> [Exercise] Only the lines below between the ones containing "specialize (Hr (s" and "as [r [Hr [Hleft Hright]]].", inclusive, are to be reproduced, each exactly as it stands.

> [Extracted information]
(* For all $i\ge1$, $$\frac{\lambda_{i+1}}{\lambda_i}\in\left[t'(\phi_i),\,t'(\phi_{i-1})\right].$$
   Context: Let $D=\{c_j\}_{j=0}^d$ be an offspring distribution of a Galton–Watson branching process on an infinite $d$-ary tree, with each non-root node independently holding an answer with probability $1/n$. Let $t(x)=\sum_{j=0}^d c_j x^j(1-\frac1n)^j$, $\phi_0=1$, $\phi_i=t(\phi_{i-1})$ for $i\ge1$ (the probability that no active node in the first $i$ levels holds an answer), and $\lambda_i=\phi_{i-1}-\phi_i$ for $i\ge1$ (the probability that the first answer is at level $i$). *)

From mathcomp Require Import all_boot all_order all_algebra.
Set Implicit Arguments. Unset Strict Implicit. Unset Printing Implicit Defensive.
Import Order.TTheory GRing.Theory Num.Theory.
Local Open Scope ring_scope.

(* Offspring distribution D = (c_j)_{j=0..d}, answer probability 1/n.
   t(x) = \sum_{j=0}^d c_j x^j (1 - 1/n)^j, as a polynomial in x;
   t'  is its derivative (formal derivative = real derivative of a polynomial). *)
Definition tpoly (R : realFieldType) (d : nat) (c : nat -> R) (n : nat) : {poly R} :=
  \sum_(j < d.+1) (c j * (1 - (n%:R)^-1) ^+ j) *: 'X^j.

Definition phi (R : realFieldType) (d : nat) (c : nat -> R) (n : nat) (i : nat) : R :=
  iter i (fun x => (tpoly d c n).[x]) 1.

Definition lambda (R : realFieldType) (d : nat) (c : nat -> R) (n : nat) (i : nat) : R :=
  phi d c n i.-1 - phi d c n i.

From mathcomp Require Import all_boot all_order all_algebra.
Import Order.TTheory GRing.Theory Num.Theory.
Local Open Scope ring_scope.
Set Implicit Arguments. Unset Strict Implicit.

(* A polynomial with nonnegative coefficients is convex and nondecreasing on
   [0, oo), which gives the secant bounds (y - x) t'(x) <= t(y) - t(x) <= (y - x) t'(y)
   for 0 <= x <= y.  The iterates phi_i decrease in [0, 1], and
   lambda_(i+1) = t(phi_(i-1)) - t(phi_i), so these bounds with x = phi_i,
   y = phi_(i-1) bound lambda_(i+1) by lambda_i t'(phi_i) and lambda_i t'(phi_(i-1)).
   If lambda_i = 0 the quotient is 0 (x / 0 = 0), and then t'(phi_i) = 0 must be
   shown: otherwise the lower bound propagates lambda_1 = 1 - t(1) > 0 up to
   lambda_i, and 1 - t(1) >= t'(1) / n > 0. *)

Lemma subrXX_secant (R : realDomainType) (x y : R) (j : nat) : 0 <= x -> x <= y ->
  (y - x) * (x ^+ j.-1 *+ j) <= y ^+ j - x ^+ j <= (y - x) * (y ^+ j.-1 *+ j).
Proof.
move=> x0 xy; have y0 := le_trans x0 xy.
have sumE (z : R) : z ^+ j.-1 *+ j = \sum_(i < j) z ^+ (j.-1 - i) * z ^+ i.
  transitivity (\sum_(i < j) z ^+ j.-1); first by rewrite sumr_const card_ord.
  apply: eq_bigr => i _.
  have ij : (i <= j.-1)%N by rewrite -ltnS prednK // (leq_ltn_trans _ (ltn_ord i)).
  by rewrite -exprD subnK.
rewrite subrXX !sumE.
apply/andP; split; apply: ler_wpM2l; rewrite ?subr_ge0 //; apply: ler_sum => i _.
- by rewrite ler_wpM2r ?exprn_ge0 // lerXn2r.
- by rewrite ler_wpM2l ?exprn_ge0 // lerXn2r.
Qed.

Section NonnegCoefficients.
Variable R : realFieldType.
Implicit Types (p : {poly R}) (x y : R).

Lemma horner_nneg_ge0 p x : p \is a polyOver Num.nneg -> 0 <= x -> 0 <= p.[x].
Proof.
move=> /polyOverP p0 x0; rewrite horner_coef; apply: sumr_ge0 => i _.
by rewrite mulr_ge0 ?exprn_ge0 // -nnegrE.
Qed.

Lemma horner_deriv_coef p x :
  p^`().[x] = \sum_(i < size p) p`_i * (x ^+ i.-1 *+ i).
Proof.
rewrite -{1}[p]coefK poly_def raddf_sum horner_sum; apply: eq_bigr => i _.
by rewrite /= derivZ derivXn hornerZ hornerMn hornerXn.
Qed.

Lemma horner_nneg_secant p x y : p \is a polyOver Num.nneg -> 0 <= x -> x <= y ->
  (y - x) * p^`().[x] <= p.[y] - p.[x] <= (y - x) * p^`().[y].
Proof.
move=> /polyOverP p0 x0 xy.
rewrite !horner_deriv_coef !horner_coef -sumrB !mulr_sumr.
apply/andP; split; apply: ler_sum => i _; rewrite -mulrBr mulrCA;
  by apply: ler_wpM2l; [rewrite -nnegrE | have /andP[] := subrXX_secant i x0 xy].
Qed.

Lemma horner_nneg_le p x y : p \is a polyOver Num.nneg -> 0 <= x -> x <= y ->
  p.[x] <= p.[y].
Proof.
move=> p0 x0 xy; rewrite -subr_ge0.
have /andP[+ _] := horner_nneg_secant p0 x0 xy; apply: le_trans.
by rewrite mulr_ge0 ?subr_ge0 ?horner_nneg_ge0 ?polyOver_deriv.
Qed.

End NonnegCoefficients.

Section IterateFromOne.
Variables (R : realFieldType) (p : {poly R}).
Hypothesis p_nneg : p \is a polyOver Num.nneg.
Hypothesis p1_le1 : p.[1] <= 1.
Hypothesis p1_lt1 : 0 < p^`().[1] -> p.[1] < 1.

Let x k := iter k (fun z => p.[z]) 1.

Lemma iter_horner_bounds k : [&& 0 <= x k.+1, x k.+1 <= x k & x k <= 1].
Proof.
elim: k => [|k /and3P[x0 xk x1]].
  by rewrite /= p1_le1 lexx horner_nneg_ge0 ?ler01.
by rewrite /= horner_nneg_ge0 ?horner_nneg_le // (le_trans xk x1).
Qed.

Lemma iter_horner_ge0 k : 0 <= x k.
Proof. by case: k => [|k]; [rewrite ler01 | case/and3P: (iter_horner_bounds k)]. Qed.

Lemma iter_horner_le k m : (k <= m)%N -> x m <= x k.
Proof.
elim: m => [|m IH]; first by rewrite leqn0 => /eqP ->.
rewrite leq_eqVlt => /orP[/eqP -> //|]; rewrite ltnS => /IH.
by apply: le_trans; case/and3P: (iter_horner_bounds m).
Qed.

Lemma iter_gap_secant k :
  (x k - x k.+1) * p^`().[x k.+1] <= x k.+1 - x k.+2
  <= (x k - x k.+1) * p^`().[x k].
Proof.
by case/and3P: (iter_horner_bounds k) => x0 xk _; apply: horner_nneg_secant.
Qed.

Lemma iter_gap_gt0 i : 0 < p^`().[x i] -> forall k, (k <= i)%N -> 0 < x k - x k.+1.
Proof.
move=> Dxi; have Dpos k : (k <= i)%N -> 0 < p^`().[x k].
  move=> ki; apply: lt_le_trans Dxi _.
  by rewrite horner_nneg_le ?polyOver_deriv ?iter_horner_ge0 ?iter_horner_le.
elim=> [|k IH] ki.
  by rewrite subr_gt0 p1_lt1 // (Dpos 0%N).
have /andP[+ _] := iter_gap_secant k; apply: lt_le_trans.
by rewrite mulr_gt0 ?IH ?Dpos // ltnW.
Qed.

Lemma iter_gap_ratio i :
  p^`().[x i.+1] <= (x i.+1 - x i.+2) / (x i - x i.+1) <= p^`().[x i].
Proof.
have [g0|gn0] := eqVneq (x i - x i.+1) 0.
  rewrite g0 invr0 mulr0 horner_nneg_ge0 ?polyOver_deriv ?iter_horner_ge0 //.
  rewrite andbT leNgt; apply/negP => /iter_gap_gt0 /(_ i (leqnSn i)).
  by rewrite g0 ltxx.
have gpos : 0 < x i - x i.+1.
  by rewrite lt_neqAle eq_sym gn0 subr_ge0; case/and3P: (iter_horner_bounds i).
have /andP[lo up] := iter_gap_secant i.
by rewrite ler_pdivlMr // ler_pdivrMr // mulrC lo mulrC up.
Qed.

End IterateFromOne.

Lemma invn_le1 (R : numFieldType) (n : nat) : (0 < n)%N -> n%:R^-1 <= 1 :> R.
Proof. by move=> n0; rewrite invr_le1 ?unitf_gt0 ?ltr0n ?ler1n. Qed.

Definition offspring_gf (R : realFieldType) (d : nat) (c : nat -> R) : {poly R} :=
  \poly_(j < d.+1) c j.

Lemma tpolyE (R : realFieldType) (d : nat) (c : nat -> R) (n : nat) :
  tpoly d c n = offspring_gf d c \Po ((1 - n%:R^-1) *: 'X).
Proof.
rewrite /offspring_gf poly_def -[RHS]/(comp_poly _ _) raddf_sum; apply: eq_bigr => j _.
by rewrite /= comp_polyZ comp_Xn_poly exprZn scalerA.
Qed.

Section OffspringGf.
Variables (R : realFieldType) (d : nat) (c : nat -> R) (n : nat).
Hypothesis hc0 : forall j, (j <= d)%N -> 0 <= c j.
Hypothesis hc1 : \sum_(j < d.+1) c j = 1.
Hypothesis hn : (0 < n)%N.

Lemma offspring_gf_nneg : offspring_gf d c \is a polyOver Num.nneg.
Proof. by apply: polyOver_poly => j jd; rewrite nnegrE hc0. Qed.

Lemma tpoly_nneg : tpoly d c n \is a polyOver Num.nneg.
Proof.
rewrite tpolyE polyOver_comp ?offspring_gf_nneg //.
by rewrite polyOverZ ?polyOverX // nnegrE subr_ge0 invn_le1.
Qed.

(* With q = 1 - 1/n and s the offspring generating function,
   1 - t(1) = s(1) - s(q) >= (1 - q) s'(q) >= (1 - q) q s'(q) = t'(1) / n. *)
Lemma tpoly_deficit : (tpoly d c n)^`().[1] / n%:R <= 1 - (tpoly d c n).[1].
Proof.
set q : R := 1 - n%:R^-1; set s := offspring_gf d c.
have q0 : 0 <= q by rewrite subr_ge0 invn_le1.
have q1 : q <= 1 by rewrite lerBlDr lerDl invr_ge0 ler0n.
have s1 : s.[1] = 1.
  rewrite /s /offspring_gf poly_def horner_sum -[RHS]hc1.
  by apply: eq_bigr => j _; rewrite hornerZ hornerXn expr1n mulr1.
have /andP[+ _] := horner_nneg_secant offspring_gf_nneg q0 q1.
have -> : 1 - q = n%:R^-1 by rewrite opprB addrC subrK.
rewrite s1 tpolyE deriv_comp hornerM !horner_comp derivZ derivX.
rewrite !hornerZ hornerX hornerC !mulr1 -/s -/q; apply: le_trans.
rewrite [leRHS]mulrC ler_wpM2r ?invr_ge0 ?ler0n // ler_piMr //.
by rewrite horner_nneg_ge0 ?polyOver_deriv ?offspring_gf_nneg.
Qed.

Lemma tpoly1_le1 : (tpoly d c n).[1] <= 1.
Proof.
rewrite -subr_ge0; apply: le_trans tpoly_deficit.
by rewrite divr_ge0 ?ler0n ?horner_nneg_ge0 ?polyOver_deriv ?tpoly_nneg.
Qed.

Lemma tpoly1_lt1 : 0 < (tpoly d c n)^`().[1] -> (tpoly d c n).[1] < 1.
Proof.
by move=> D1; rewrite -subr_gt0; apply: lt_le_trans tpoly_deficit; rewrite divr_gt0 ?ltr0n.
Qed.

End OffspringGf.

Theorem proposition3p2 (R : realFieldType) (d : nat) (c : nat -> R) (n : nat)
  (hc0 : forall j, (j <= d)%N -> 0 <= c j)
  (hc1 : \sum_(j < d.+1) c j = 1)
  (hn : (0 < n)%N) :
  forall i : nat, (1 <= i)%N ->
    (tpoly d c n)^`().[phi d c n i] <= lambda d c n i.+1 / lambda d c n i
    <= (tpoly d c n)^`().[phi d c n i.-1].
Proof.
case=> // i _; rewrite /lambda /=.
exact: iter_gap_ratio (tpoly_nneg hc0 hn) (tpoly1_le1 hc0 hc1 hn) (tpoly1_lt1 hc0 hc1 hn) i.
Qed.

---

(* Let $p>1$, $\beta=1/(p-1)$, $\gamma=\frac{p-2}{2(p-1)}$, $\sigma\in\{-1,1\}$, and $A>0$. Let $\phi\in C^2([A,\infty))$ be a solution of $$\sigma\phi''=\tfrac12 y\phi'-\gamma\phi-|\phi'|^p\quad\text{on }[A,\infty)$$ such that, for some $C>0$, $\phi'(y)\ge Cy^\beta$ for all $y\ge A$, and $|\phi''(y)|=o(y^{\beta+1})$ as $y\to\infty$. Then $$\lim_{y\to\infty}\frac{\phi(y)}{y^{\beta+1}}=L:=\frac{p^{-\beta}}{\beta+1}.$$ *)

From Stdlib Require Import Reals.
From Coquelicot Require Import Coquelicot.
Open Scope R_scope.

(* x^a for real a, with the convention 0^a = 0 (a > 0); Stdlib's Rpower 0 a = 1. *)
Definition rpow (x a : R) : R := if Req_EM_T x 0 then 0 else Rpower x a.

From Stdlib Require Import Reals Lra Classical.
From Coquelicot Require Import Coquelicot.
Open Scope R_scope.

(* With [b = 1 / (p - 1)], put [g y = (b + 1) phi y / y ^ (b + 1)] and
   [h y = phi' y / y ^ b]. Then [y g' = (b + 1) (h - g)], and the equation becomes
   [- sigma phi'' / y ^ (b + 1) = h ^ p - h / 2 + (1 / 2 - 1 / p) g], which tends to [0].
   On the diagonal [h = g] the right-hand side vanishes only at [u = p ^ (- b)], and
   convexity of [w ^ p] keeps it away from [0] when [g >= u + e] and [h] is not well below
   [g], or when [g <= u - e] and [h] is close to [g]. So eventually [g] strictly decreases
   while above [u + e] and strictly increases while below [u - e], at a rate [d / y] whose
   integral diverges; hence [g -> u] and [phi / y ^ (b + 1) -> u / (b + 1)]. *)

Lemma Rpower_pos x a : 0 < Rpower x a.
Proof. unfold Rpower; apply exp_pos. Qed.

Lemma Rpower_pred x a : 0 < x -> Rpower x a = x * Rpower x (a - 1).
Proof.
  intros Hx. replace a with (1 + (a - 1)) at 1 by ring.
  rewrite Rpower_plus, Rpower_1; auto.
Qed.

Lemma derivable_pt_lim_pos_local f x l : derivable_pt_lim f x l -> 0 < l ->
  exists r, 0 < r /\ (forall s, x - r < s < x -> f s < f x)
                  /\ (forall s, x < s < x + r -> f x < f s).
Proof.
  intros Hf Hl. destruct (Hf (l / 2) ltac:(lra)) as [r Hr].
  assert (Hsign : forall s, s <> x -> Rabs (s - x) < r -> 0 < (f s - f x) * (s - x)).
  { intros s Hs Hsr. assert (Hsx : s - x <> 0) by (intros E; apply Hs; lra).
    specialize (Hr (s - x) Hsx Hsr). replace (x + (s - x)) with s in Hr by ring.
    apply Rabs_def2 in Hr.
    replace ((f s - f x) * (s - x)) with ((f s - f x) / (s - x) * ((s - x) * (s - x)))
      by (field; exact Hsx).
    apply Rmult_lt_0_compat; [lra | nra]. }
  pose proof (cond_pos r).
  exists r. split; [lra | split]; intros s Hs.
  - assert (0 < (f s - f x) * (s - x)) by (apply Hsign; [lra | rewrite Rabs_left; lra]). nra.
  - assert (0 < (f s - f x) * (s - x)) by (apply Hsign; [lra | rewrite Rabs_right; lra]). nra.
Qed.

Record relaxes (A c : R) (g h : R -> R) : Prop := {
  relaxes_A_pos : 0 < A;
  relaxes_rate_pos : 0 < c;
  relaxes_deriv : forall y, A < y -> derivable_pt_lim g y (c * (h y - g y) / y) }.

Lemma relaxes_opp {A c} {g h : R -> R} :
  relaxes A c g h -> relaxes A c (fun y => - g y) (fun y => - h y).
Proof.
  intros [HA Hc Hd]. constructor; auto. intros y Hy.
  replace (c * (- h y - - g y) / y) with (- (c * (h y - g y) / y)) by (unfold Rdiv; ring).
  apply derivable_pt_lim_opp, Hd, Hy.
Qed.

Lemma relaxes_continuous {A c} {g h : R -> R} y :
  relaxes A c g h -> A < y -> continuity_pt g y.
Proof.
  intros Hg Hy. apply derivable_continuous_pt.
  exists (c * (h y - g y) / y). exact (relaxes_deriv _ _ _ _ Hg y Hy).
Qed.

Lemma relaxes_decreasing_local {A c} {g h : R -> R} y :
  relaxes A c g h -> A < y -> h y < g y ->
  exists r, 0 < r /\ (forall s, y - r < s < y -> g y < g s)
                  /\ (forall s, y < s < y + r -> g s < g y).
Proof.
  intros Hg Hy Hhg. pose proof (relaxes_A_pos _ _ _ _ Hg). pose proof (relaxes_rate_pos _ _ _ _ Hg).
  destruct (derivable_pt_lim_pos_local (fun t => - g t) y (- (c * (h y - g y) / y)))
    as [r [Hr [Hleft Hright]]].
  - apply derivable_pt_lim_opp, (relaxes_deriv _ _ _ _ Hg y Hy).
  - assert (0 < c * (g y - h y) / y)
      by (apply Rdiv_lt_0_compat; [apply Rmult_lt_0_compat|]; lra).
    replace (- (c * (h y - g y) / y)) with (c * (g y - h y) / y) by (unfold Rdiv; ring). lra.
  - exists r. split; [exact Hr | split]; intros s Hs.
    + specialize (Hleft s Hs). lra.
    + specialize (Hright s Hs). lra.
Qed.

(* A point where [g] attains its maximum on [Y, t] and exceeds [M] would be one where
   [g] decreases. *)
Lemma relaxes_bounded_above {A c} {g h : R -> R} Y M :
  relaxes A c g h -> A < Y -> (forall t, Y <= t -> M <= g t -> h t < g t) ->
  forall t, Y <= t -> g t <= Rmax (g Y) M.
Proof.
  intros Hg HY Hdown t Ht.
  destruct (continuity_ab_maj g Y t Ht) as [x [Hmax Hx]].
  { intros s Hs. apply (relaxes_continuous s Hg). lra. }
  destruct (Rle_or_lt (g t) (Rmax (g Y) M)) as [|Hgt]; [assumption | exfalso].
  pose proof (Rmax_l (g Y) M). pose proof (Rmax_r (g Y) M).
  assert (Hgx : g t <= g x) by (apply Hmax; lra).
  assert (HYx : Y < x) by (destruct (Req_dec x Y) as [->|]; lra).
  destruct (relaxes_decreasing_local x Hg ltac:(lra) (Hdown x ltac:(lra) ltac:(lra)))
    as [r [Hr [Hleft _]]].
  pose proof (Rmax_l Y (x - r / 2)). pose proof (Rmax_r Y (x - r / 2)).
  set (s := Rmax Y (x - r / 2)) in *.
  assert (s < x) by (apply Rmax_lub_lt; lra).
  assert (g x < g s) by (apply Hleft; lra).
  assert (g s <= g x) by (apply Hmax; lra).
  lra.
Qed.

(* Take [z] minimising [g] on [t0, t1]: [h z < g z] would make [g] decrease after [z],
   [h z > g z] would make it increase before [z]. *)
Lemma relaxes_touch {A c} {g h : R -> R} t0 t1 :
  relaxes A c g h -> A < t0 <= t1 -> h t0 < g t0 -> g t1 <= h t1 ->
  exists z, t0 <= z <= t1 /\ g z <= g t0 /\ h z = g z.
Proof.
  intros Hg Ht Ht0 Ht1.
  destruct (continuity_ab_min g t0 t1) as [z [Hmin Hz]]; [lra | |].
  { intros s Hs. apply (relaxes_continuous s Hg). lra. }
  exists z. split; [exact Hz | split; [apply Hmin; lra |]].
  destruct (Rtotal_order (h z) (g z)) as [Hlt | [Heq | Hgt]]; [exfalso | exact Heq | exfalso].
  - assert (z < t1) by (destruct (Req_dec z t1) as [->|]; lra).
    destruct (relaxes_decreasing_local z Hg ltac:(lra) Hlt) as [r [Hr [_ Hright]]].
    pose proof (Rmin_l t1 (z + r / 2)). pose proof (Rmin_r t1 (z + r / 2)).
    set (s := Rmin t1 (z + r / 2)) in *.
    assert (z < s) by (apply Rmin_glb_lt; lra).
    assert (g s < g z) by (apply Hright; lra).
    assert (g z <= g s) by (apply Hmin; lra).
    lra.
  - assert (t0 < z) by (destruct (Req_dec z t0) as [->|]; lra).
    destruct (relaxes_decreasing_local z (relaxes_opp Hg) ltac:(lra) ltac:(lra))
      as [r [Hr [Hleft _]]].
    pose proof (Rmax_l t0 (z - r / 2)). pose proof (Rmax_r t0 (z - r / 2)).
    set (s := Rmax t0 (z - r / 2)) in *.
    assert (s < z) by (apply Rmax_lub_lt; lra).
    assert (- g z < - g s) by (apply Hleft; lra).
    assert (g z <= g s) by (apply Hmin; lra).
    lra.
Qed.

> [Result]
    specialize (Hr (s - x) Hsx Hsr). replace (x + (s - x)) with s in Hr by ring.
    apply Rabs_def2 in Hr.
    replace ((f s - f x) * (s - x)) with ((f s - f x) / (s - x) * ((s - x) * (s - x)))
      by (field; exact Hsx).
    apply Rmult_lt_0_compat; [lra | nra]. }
  pose proof (cond_pos r).
  exists r. split; [lra | split]; intros s Hs.
  - assert (0 < (f s - f x) * (s - x)) by (apply Hsign; [lra | rewrite Rabs_left; lra]). nra.
  - assert (0 < (f s - f x) * (s - x)) by (apply Hsign; [lra | rewrite Rabs_right; lra]). nra.
Qed.

Record relaxes (A c : R) (g h : R -> R) : Prop := {
  relaxes_A_pos : 0 < A;
  relaxes_rate_pos : 0 < c;
  relaxes_deriv : forall y, A < y -> derivable_pt_lim g y (c * (h y - g y) / y) }.

Lemma relaxes_opp {A c} {g h : R -> R} :
  relaxes A c g h -> relaxes A c (fun y => - g y) (fun y => - h y).
Proof.
  intros [HA Hc Hd]. constructor; auto. intros y Hy.
  replace (c * (- h y - - g y) / y) with (- (c * (h y - g y) / y)) by (unfold Rdiv; ring).
  apply derivable_pt_lim_opp, Hd, Hy.
Qed.

Lemma relaxes_continuous {A c} {g h : R -> R} y :
  relaxes A c g h -> A < y -> continuity_pt g y.
Proof.
  intros Hg Hy. apply derivable_continuous_pt.
  exists (c * (h y - g y) / y). exact (relaxes_deriv _ _ _ _ Hg y Hy).
Qed.

Lemma relaxes_decreasing_local {A c} {g h : R -> R} y :
  relaxes A c g h -> A < y -> h y < g y ->
  exists r, 0 < r /\ (forall s, y - r < s < y -> g y < g s)
                  /\ (forall s, y < s < y + r -> g s < g y).
Proof.
  intros Hg Hy Hhg. pose proof (relaxes_A_pos _ _ _ _ Hg). pose proof (relaxes_rate_pos _ _ _ _ Hg).
  destruct (derivable_pt_lim_pos_local (fun t => - g t) y (- (c * (h y - g y) / y)))
    as [r [Hr [Hleft Hright]]].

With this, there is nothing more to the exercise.